== DIRECTIONS ==
Only one stretch of the data below is wanted: the lines starting at the one with "Lemma xmon_eq_in K" and ending at the one with "rewrite (big_morph (fun", both included, given again exactly.

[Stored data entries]
^^^^^^^^

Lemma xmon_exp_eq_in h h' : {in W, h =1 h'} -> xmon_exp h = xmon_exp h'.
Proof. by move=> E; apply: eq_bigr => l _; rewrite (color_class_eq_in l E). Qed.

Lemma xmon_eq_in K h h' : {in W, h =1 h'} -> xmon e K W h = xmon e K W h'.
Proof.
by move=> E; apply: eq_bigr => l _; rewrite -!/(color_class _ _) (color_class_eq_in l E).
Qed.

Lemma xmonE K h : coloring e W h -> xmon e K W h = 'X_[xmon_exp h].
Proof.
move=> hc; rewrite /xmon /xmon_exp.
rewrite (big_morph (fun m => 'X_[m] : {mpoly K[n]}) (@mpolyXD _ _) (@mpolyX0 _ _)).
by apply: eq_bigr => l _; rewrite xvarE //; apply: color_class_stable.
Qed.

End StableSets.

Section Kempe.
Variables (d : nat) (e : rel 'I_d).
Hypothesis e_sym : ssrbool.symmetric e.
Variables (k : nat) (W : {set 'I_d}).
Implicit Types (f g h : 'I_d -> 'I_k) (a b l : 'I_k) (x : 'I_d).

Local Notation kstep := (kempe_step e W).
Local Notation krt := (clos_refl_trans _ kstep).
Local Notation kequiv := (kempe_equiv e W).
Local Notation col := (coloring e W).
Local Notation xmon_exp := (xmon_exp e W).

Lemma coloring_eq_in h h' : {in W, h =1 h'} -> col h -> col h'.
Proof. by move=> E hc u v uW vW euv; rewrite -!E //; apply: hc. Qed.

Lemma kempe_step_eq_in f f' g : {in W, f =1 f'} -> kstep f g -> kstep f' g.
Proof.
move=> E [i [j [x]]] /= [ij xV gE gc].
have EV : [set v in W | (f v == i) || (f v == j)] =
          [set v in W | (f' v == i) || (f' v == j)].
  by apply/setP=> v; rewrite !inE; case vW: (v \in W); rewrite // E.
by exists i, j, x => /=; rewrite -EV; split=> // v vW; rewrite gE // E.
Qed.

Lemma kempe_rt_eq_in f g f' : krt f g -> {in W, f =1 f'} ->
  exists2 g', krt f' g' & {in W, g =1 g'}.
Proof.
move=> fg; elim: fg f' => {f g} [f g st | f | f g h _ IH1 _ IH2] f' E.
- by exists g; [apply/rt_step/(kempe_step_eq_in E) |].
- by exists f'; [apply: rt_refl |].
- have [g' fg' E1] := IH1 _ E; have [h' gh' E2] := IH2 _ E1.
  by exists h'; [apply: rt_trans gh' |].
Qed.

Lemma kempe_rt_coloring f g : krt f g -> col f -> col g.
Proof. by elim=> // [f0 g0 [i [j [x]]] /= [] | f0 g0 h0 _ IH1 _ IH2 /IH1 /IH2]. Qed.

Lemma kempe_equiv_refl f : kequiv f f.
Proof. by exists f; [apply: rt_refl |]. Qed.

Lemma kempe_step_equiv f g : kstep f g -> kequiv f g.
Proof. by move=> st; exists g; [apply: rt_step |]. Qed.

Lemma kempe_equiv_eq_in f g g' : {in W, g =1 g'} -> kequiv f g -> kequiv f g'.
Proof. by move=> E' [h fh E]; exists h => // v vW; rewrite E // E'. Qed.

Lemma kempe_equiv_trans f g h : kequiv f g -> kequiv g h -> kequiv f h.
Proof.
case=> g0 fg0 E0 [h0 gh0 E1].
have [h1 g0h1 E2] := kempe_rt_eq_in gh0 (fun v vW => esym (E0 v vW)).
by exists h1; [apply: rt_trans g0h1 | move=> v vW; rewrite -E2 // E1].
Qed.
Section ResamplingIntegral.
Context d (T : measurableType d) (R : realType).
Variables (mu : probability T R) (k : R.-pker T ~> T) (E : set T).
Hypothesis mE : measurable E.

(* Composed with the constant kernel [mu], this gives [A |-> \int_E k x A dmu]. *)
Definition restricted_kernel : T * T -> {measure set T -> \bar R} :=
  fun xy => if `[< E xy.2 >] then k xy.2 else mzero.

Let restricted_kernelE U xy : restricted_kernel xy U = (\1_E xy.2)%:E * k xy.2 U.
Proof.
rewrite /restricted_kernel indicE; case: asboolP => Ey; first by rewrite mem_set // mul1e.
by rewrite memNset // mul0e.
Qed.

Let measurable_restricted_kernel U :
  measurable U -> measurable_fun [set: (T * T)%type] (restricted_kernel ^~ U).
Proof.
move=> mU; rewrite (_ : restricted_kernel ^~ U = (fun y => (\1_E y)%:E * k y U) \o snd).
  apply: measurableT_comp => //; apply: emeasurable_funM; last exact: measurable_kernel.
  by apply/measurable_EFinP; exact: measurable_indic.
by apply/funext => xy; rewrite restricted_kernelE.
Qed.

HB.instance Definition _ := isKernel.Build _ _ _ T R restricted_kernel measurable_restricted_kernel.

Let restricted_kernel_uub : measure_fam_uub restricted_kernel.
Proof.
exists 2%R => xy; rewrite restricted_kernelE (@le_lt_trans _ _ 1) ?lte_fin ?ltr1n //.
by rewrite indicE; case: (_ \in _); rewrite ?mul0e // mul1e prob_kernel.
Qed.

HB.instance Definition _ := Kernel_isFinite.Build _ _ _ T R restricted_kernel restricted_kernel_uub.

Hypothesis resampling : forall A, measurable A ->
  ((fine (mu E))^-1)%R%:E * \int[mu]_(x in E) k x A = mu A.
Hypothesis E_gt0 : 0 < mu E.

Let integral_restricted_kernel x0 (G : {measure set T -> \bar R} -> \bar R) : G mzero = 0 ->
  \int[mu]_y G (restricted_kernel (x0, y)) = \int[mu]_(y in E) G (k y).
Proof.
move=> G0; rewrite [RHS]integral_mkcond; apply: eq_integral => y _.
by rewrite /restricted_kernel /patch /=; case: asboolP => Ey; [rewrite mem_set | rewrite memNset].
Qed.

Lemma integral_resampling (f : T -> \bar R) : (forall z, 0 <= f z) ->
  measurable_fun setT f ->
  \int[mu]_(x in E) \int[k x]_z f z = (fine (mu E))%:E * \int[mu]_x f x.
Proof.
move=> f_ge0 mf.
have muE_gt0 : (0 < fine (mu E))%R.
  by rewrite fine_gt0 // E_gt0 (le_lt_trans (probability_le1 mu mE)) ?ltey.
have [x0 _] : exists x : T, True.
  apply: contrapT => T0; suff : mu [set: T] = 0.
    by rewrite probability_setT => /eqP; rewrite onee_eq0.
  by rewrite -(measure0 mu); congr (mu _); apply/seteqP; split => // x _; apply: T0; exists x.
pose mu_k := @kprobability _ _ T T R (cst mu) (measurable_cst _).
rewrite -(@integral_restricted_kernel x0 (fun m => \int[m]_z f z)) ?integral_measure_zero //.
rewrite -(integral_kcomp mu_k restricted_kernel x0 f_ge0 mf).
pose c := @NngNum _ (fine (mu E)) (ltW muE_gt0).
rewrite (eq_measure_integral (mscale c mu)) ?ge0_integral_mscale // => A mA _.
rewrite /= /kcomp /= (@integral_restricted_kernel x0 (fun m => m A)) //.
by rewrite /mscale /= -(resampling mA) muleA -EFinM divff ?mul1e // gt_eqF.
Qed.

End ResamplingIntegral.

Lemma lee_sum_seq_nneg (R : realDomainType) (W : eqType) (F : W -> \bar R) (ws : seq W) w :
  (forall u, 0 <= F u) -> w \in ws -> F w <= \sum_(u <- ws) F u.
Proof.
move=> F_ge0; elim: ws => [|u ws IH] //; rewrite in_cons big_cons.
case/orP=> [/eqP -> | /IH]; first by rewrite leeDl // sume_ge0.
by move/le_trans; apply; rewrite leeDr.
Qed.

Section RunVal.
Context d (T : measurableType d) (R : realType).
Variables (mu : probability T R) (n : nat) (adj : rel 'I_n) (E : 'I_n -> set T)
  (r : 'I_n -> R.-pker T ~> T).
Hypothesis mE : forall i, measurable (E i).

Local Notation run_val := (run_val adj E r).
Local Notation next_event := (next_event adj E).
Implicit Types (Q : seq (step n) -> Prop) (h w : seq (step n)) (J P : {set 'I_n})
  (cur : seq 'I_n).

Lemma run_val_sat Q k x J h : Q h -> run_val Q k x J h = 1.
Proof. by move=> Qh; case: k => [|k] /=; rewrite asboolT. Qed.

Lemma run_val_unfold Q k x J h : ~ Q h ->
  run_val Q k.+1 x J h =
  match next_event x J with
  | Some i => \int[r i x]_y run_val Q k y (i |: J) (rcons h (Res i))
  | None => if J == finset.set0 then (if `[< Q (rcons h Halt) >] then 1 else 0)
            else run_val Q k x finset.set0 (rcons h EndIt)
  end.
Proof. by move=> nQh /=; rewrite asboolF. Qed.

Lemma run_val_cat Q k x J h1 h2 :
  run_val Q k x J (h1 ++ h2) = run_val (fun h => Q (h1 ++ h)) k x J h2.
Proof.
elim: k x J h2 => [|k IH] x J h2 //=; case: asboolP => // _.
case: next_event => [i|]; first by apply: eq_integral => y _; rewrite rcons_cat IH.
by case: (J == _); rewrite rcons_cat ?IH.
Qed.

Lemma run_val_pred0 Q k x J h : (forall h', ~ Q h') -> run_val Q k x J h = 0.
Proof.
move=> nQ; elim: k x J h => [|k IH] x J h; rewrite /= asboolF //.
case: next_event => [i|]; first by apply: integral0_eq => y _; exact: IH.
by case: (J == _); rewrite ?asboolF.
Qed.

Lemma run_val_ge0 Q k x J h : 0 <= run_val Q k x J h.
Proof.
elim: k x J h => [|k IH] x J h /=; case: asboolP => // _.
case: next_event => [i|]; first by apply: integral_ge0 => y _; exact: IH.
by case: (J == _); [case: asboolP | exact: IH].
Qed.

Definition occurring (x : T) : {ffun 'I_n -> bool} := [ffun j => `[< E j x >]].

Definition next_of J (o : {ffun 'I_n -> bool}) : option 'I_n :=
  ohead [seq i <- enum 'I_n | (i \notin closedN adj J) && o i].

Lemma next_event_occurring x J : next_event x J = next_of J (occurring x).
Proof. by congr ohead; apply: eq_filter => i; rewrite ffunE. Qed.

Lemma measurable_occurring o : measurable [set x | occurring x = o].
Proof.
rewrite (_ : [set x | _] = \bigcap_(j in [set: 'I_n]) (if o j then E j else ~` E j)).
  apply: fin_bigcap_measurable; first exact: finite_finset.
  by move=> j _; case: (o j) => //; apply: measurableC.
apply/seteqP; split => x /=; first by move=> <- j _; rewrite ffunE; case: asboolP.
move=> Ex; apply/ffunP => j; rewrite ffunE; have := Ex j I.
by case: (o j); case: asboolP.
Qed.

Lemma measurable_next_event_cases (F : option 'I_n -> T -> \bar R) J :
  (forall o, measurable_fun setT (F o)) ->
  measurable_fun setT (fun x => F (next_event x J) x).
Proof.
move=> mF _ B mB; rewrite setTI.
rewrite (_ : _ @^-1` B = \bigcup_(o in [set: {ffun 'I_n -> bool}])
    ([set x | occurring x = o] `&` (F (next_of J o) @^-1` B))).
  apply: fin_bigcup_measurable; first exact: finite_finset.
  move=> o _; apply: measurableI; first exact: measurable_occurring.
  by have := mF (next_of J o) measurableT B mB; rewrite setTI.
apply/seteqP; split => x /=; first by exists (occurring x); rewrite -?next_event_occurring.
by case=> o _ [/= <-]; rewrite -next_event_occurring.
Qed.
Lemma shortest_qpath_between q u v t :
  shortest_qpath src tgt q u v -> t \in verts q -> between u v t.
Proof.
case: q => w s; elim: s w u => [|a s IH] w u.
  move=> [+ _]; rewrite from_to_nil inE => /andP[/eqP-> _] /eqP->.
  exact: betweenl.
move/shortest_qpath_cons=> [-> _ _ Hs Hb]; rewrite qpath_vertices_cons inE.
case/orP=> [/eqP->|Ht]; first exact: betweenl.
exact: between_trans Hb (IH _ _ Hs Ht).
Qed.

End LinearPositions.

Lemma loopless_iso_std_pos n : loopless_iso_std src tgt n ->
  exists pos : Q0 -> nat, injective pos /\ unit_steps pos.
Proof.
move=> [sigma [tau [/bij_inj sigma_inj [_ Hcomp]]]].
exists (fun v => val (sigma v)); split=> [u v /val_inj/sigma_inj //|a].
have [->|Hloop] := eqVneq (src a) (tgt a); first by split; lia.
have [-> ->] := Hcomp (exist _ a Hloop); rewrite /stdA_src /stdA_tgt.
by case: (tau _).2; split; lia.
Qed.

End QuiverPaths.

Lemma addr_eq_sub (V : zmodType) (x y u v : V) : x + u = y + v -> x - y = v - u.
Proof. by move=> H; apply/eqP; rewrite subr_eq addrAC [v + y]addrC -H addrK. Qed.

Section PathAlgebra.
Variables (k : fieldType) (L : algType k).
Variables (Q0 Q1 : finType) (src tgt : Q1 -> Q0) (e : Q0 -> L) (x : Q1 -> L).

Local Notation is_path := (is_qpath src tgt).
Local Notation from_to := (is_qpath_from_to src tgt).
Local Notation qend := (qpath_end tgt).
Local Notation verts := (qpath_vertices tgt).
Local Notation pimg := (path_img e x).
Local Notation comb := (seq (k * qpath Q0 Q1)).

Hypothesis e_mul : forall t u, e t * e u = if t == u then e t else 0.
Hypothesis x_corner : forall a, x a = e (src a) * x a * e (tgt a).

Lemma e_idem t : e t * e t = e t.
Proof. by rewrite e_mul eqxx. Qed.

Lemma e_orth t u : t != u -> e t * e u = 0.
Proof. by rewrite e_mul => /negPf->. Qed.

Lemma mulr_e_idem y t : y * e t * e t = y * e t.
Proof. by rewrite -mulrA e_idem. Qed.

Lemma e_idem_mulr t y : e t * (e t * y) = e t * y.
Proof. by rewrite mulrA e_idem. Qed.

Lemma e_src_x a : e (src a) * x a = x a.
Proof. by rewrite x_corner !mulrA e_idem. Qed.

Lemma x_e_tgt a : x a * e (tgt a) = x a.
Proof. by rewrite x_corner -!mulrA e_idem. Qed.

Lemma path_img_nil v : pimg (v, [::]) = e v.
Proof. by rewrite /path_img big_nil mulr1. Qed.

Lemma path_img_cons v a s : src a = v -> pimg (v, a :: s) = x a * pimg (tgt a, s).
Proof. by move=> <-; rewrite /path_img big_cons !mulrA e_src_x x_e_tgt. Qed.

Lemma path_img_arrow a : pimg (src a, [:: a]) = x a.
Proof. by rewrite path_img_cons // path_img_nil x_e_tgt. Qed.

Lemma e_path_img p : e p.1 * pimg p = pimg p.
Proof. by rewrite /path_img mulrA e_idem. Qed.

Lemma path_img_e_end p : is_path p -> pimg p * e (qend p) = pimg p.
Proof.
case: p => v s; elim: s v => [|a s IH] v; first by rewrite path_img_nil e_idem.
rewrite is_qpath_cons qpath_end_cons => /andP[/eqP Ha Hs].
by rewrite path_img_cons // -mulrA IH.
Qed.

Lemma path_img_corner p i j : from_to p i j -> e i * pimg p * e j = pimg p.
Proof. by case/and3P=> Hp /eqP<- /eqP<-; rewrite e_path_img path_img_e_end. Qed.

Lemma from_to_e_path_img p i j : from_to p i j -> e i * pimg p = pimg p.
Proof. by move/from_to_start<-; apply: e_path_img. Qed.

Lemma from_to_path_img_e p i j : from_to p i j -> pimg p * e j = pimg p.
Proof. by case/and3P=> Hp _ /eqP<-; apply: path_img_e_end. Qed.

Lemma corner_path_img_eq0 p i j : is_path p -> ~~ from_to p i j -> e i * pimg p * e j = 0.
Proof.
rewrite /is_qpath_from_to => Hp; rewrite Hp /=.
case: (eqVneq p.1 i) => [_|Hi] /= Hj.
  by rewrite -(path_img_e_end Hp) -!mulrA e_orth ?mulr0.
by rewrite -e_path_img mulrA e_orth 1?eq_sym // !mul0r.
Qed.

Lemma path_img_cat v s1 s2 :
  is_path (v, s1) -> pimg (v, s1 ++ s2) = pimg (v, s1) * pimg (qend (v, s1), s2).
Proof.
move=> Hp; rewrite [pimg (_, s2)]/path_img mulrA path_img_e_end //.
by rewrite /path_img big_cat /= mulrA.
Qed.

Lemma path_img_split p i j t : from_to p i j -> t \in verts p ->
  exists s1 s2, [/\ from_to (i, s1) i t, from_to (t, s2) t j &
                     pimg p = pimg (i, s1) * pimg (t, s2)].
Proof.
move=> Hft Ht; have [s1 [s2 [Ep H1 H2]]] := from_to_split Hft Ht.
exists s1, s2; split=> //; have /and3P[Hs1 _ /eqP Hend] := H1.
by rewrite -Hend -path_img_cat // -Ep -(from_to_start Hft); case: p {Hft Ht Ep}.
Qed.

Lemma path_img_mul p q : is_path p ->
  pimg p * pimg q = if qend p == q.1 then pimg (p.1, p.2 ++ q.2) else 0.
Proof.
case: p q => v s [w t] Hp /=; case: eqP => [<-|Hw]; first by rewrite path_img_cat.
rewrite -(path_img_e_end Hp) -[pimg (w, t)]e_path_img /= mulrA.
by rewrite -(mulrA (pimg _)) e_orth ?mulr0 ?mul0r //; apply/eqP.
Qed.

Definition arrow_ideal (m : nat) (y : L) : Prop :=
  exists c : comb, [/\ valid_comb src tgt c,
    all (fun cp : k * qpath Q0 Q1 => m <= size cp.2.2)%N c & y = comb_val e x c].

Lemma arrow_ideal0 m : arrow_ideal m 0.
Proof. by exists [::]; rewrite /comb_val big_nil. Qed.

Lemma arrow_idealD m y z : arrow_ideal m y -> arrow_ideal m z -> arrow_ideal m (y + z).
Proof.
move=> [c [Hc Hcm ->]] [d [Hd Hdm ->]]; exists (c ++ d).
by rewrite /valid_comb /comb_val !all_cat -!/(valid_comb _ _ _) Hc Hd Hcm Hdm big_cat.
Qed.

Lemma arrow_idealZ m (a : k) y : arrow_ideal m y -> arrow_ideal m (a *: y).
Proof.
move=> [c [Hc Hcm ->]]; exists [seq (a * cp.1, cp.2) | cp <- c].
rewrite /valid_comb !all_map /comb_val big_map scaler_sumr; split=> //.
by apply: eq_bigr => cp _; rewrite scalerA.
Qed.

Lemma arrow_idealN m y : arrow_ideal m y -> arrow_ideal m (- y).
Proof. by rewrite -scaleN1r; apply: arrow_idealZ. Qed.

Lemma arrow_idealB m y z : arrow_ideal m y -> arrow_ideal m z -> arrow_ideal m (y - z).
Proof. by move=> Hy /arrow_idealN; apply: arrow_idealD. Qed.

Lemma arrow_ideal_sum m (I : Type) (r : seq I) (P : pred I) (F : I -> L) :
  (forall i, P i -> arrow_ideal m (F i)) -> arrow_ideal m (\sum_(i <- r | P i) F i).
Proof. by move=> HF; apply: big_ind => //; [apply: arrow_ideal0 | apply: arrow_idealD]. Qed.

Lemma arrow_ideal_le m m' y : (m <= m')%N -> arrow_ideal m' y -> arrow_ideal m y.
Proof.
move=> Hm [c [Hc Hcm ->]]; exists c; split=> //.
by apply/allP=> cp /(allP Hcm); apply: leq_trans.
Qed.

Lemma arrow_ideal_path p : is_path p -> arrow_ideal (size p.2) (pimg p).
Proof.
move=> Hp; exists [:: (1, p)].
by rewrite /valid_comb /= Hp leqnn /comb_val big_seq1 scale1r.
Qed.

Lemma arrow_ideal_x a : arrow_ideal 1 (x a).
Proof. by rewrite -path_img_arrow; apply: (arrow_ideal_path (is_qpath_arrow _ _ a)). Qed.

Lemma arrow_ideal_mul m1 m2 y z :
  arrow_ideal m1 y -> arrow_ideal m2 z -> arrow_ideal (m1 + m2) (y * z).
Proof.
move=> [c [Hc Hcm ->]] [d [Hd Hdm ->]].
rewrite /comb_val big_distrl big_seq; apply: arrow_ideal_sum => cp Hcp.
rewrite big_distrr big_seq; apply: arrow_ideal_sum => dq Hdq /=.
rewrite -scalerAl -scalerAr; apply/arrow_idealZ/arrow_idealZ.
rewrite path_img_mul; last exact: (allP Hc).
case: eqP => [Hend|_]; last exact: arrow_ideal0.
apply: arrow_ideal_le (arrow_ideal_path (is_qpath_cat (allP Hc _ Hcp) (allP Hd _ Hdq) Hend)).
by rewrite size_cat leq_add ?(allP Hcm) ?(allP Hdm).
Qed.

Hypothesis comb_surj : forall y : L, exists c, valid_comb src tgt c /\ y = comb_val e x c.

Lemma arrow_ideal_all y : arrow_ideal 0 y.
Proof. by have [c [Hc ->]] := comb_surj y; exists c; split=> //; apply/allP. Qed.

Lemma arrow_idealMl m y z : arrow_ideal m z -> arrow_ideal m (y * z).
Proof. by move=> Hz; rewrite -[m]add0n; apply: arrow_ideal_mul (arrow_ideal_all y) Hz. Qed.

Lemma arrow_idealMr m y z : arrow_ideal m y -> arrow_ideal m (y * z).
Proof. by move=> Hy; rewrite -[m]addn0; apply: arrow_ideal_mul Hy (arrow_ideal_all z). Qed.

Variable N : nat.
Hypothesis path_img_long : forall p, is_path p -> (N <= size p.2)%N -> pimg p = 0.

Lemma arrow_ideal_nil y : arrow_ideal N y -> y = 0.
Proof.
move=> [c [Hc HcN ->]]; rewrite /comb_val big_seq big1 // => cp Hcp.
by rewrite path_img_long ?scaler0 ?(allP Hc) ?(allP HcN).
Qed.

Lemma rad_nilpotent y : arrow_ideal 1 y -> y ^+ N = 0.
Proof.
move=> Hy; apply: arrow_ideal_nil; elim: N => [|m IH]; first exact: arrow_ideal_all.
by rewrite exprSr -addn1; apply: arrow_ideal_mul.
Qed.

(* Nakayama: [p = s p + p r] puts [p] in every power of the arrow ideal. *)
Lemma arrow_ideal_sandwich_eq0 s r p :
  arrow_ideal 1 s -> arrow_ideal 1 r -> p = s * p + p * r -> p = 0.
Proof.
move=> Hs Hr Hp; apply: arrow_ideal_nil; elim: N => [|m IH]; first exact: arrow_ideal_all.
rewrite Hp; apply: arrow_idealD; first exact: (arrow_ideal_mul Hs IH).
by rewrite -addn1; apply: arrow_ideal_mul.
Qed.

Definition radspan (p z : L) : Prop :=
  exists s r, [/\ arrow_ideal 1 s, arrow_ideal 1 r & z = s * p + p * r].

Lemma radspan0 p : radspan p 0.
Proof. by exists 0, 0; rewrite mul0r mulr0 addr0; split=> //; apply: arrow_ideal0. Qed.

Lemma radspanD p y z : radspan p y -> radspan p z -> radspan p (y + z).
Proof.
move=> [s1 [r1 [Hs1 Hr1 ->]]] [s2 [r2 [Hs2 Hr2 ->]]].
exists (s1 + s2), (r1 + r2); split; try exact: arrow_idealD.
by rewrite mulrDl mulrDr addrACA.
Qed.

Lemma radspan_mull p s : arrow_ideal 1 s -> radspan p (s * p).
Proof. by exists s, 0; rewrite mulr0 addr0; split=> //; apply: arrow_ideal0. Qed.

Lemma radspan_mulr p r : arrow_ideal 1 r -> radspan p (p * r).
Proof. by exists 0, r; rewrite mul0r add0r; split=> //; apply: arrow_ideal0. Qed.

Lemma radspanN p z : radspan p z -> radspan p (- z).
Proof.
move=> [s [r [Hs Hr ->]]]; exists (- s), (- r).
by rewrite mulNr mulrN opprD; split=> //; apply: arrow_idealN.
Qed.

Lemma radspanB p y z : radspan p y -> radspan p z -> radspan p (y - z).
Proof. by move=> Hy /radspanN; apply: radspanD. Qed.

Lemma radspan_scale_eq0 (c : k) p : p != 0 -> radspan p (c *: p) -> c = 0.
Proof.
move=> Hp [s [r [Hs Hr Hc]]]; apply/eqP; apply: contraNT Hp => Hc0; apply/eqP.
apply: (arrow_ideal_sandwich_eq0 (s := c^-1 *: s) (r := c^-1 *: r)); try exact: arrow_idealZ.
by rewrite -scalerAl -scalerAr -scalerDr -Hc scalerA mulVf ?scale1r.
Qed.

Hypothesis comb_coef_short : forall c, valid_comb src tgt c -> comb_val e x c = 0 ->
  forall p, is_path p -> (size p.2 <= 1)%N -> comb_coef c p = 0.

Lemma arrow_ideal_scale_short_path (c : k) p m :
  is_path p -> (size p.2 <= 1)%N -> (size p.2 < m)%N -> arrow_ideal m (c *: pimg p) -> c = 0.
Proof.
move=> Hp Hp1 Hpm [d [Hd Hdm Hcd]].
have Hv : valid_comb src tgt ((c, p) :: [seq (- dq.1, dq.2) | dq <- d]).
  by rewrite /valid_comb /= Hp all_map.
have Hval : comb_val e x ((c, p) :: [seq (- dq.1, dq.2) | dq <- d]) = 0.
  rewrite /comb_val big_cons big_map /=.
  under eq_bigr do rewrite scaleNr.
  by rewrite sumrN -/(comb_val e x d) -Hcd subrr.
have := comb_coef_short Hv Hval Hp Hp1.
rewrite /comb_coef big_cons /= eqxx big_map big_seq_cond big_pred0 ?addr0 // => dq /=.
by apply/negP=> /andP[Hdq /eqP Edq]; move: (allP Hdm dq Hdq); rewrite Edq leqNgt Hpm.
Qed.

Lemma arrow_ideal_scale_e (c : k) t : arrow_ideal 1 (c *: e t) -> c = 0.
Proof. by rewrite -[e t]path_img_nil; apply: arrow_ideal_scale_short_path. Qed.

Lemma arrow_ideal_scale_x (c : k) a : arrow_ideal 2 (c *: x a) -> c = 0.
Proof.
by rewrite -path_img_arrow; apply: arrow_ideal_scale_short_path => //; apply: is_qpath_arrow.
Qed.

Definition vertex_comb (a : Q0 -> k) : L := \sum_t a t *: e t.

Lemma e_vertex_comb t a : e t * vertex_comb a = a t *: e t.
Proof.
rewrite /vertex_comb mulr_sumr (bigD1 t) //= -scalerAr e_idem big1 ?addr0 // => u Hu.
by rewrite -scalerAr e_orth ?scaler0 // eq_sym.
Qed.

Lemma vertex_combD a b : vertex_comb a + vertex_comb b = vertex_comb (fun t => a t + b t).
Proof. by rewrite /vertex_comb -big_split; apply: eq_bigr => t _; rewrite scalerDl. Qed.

^^^^^^^^

== EXERCISE RESPONSE ==
Lemma xmon_eq_in K h h' : {in W, h =1 h'} -> xmon e K W h = xmon e K W h'.
Proof.
by move=> E; apply: eq_bigr => l _; rewrite -!/(color_class _ _) (color_class_eq_in l E).
Qed.

Lemma xmonE K h : coloring e W h -> xmon e K W h = 'X_[xmon_exp h].
Proof.
move=> hc; rewrite /xmon /xmon_exp.
rewrite (big_morph (fun m => 'X_[m] : {mpoly K[n]}) (@mpolyXD _ _) (@mpolyX0 _ _)).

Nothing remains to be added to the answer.